During the day the old men performed ceremonies concerned with a group of wild cat people who, in the Alcheringa, marched out from the south of what is now Oodnadatta, and then turned northwards and followed a track which led them across the west part of the present Arunta country and through certain spots such as Illamurta in the James Range. At sunset the Illpongwurra came in from the west and found two ceremonies prepared, one belonging to the Bulthara and Panunga men, to which they went first. After dancing round the performer, who represented one of the Ulpmerka of the plum-tree totem sitting at the foot of a Nurtunja, they came to the second, which belonged to the Purula and Kumara. This ceremony was associated with the frog totem of Imanda, and was performed by two men, both of whom had Churinga on their heads, and had their bodies decorated with patches and lines of down representing frogs and roots of trees. First the Illpongwurra danced round them and then rushed off to the Parra, round and round which they ran, raising clouds of dust through which they could be dimly seen. After a short pause and led by the two frog performers, who had removed the Churinga from their heads and carried each two boomerangs which they kept striking together, they ran across the river to the women's camp, where the fire-throwing was performed in the usual way, after which the Illpongwurra came back to camp and lay down beside the Parra.

When it was dark the men were arranged in a double line close to the Parra, and then, with their bodies bent almost double, their arms extended in front, and their hands clasped together, they moved, first in one direction and then in the other, parallel to the length of the mound, stamping on the ground as they did so and shouting “wha! wha! whrr!” at the top of their voices. This peculiar dance is one which [P.358] is especially performed by the members of the Ilpirra tribe during the course of the Engwura, and as one or two Ilpirra men had come down to take part in this Engwura, it was danced on this occasion. Just before midnight a wild cat ceremony was performed, and it was not until early in the morning that the dancing and singing ceased, and the Illpongwurra were allowed to take a little rest.

While the Illpongwurra were out in the bush during the next day they had to undergo the first of another form of fire ordeal, an account of which will be given subsequently in connection with its second performance. In camp the old men performed a ceremony called the Ingwurninga inkinja, which is associated with the emu totem of a spot close to Imanda. The Quabara belongs to the Alatunja of the locality, and he requested two men, one a Panunga of the snake, and the other a Bulthara of the wild cat totem, to perform. Each man was decorated with the usual head-dress, the front of which, as well as their face and beard, was covered with white down, while on each side of the body and extending down to the knee, was a line of circular patches of charcoal edged with white down. These patches were supposed to represent the skulls of slain and eaten men. The two performers were called ulthana, that is, the spirits of dead men, and in this instance they were supposed to have arisen from the bones of two men who had been eaten. They came up from the creek and remained at first crouching behind and hidden by a small bush from the sight of the old men who gathered by the Parra. Then they got up and came on, each of them bending forwards and supporting himself by a stick in either hand, as if they were decrepit old men who could hardly walk. For some time they prowled about looking first to one side and then to the other, as if they were in search of something; and, following an irregular course, came towards the Parra, where the old men were seated beating the ground with boomerangs.

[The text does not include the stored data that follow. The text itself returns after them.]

(* Let $\Sigma_N(z):=\left(\int_0^{z} h^N(x)^2\,\tilde h^N(x)\,dx\right)^{1/2}$ for $z\in[0,L_N]$, and let $A_N:=6\log\log N-\log\log\log N$. There exist constants $\sigma>0$ and $a>0$, depending only on $c$, such that, as $N\to\infty$, $$\frac{1}{N^{c}}\Sigma_N(L_N)^2\to\sigma^2,\qquad \frac{1}{N^{c}}\Sigma_N(A_N)^2\to\sigma^2,\qquad \frac{1}{N^{1-c}}\int_0^{A_N}N\,\tilde h^N(x)\,dx\to a .$$
   Context: Fix $c\in(0,1)$. For $\beta\in(0,1)$ put $\gamma_\beta=\sqrt{1-\beta^2}$ and $L_\beta=\gamma_\beta^{-1}\big(\pi-\arctan(\gamma_\beta/\beta)\big)$; the map $\beta\mapsto L_\beta$ is an increasing bijection from $(0,1)$ onto $(\pi/2,\infty)$. For every integer $N$ large enough that $c\log N+6\log\log N>\pi/2$, let $\beta_N\in(0,1)$ be defined by $L_{\beta_N}=c\log N+6\log\log N$, and write $L_N=L_{\beta_N}$, $\gamma_N=\gamma_{\beta_N}$, $\Omega_N=[0,L_N]$. Define, for $x\in\Omega_N$, $\tilde h^N(x)=\gamma_N^{-1}e^{\beta_N(x-L_N)}\sin(\gamma_N(L_N-x))$ and $h^N(x)=\frac{2\gamma_N}{L_N+\beta_N}e^{\beta_N(L_N-x)}\sin(\gamma_N(L_N-x))$. *)

From Stdlib Require Import Reals.
From Coquelicot Require Import Coquelicot.
Open Scope R_scope.

Definition gam (b : R) : R := sqrt (1 - b ^ 2).

Definition Lb (b : R) : R := / gam b * (PI - atan (gam b / b)).

(* \tilde h^N(x) with beta = beta_N, L = L_{beta_N} *)
Definition htilde (b x : R) : R :=
  / gam b * exp (b * (x - Lb b)) * sin (gam b * (Lb b - x)).

Definition hN (b x : R) : R :=
  2 * gam b / (Lb b + b) * exp (b * (Lb b - x)) * sin (gam b * (Lb b - x)).

Definition SigmaN (b z : R) : R :=
  sqrt (RInt (fun x => (hN b x) ^ 2 * htilde b x) 0 z).

Definition A_N (N : nat) : R := 6 * ln (ln (INR N)) - ln (ln (ln (INR N))).

From Stdlib Require Import Reals Lra Psatz.
From Coquelicot Require Import Coquelicot.
Open Scope R_scope.

(* Write [g = gam b], [L = Lb b]; [g L] is the angle in (pi/2, pi) with sine [g] and
   cosine [-b].  In the variable [y = L - x] the integrands are multiples of
   [exp (-b y) sin (g y)] and [exp (b y) sin (g y) ^ 3], whose primitives are explicit,
   so [Sigma_N(z)^2 = K (G L - G (L - z))] with [K = 4 g / (L + b)^2],
   [G L = 16 b g^3 exp (b L) / (1 + 8 g^2)], and [int_0^A htilde = exp (b (A - L)) sin (g A) / g].
   As [L ~ c log N], [g L <= pi] forces [g -> 0], [g L -> pi] and [(1 - b) L -> 0].
   Since [exp (b L) = N^c (log N)^6 exp (-(1 - b) L)], [K G L / N^c -> 64 pi^4 / c^6];
   since [L - A_N = c log N + log log log N], the remainder [K G (L - z) / N^c] is [O(g)]
   for every [z >= A_N], and [N^c int_0^(A_N) htilde -> 6]. *)

Section Beta.
Variable b : R.
Hypothesis hb : 0 < b < 1.

Lemma sqr_add_sqr_gam : b ^ 2 + gam b ^ 2 = 1.
Proof.
  unfold gam. rewrite <- (Rsqr_pow2 (sqrt _)), Rsqr_sqrt; nra.
Qed.

Lemma gam_bounds : 0 < gam b < 1.
Proof.
  assert (0 < gam b) by (apply sqrt_lt_R0; nra).
  pose proof sqr_add_sqr_gam. nra.
Qed.

Lemma gam_Lb_eq : gam b * Lb b = PI - atan (gam b / b).
Proof.
  pose proof gam_bounds. unfold Lb. field. lra.
Qed.

Lemma gam_Lb_bounds : PI / 2 < gam b * Lb b < PI.
Proof.
  pose proof gam_bounds. rewrite gam_Lb_eq.
  assert (0 < atan (gam b / b)).
  { rewrite <- atan_0. apply atan_increasing, Rdiv_lt_0_compat; lra. }
  pose proof (atan_bound (gam b / b)). lra.
Qed.

Lemma Lb_pos : 0 < Lb b.
Proof.
  pose proof gam_bounds. pose proof gam_Lb_bounds. pose proof PI_RGT_0. nra.
Qed.

Lemma sin_cos_gam_Lb : sin (gam b * Lb b) = gam b /\ cos (gam b * Lb b) = - b.
Proof.
  pose proof gam_bounds. pose proof sqr_add_sqr_gam as hbg.
  assert (hs : sqrt (1 + (gam b / b)²) = / b).
  { rewrite <- (sqrt_Rsqr (/ b)) by (left; apply Rinv_0_lt_compat; lra).
    f_equal. unfold Rsqr. field_simplify; [|lra|lra]. rewrite <- hbg. field. lra. }
  rewrite gam_Lb_eq, sin_PI_x, sin_atan, hs, Rminus_def, cos_plus, cos_PI, sin_PI,
    cos_neg, sin_neg, cos_atan, hs.
  split; field; lra.
Qed.

End Beta.

Definition exp_sin_prim (a k y : R) : R :=
  exp (a * y) * (a * sin (k * y) - k * cos (k * y)).

Lemma is_derive_exp_sin_prim (a k y : R) :
  is_derive (exp_sin_prim a k) y ((a ^ 2 + k ^ 2) * (exp (a * y) * sin (k * y))).
Proof.
  unfold exp_sin_prim. auto_derive; [exact I | ring].
Qed.

Lemma Rabs_exp_sin_prim_le (a k y : R) :
  Rabs (exp_sin_prim a k y) <= (Rabs a + Rabs k) * exp (a * y).
Proof.
  unfold exp_sin_prim.
  rewrite Rabs_mult, (Rabs_pos_eq (exp _)) by (left; apply exp_pos). rewrite Rmult_comm.
  apply Rmult_le_compat_r; [left; apply exp_pos|].
  unfold Rminus. eapply Rle_trans; [apply Rabs_triang|]. rewrite Rabs_Ropp, !Rabs_mult.
  pose proof (Rabs_pos a). pose proof (Rabs_pos k).
  assert (Rabs (sin (k * y)) <= 1) by (apply Rabs_le, SIN_bound).
  assert (Rabs (cos (k * y)) <= 1) by (apply Rabs_le, COS_bound).
  nra.
Qed.

Lemma sin_3a (u : R) : sin (3 * u) = 3 * sin u - 4 * sin u ^ 3.
Proof.
  replace (3 * u) with (2 * u + u) by ring.
  rewrite sin_plus, sin_2a, cos_2a.
  transitivity (sin u * (3 * cos u ^ 2 - sin u ^ 2)); [ring|].
  replace (cos u ^ 2) with (1 - sin u ^ 2) by (pose proof (sin2_cos2 u); unfold Rsqr in *; lra).
  ring.
Qed.

(* From [sin u ^ 3 = (3 sin u - sin (3 u)) / 4]. *)
Definition exp_sin3_prim (a g y : R) : R :=
  3 / 4 * exp_sin_prim a g y / (a ^ 2 + g ^ 2)
  - 1 / 4 * exp_sin_prim a (3 * g) y / (a ^ 2 + (3 * g) ^ 2).

Lemma is_derive_exp_sin3_prim (a g y : R) : a ^ 2 + g ^ 2 <> 0 ->
  is_derive (exp_sin3_prim a g) y (exp (a * y) * sin (g * y) ^ 3).
Proof.
  intros hag. assert (hag3 : a ^ 2 + (3 * g) ^ 2 <> 0) by nra.
  set (k1 := 3 / 4 / (a ^ 2 + g ^ 2)). set (k3 := 1 / 4 / (a ^ 2 + (3 * g) ^ 2)).
  apply (is_derive_ext (fun y => k1 * exp_sin_prim a g y - k3 * exp_sin_prim a (3 * g) y)).
  { intros t. cbn. unfold exp_sin3_prim, k1, k3. field. split; nra. }
  evar (d : R). replace (exp (a * y) * sin (g * y) ^ 3) with d; subst d.
  - apply @is_derive_minus; apply @is_derive_scal; apply is_derive_exp_sin_prim.
  - unfold minus, plus, opp, scal; simpl; unfold mult; simpl.
    replace (3 * g * y) with (3 * (g * y)) by ring. rewrite sin_3a. unfold k1, k3. field. auto.
Qed.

At sunset the Illpongwurra once more came in by way of the women's camp where the fire-throwing took place, and then, on the Engwura ground, they stood in a long line beside the Parra watching the performance of an emu ceremony, [P.359] which consisted in a man decorated with a tall head-dress tipped with a bunch of emu feathers and having his body decorated with a large number of parallel lines of white down walking backwards and forwards in the aimless way of an emu.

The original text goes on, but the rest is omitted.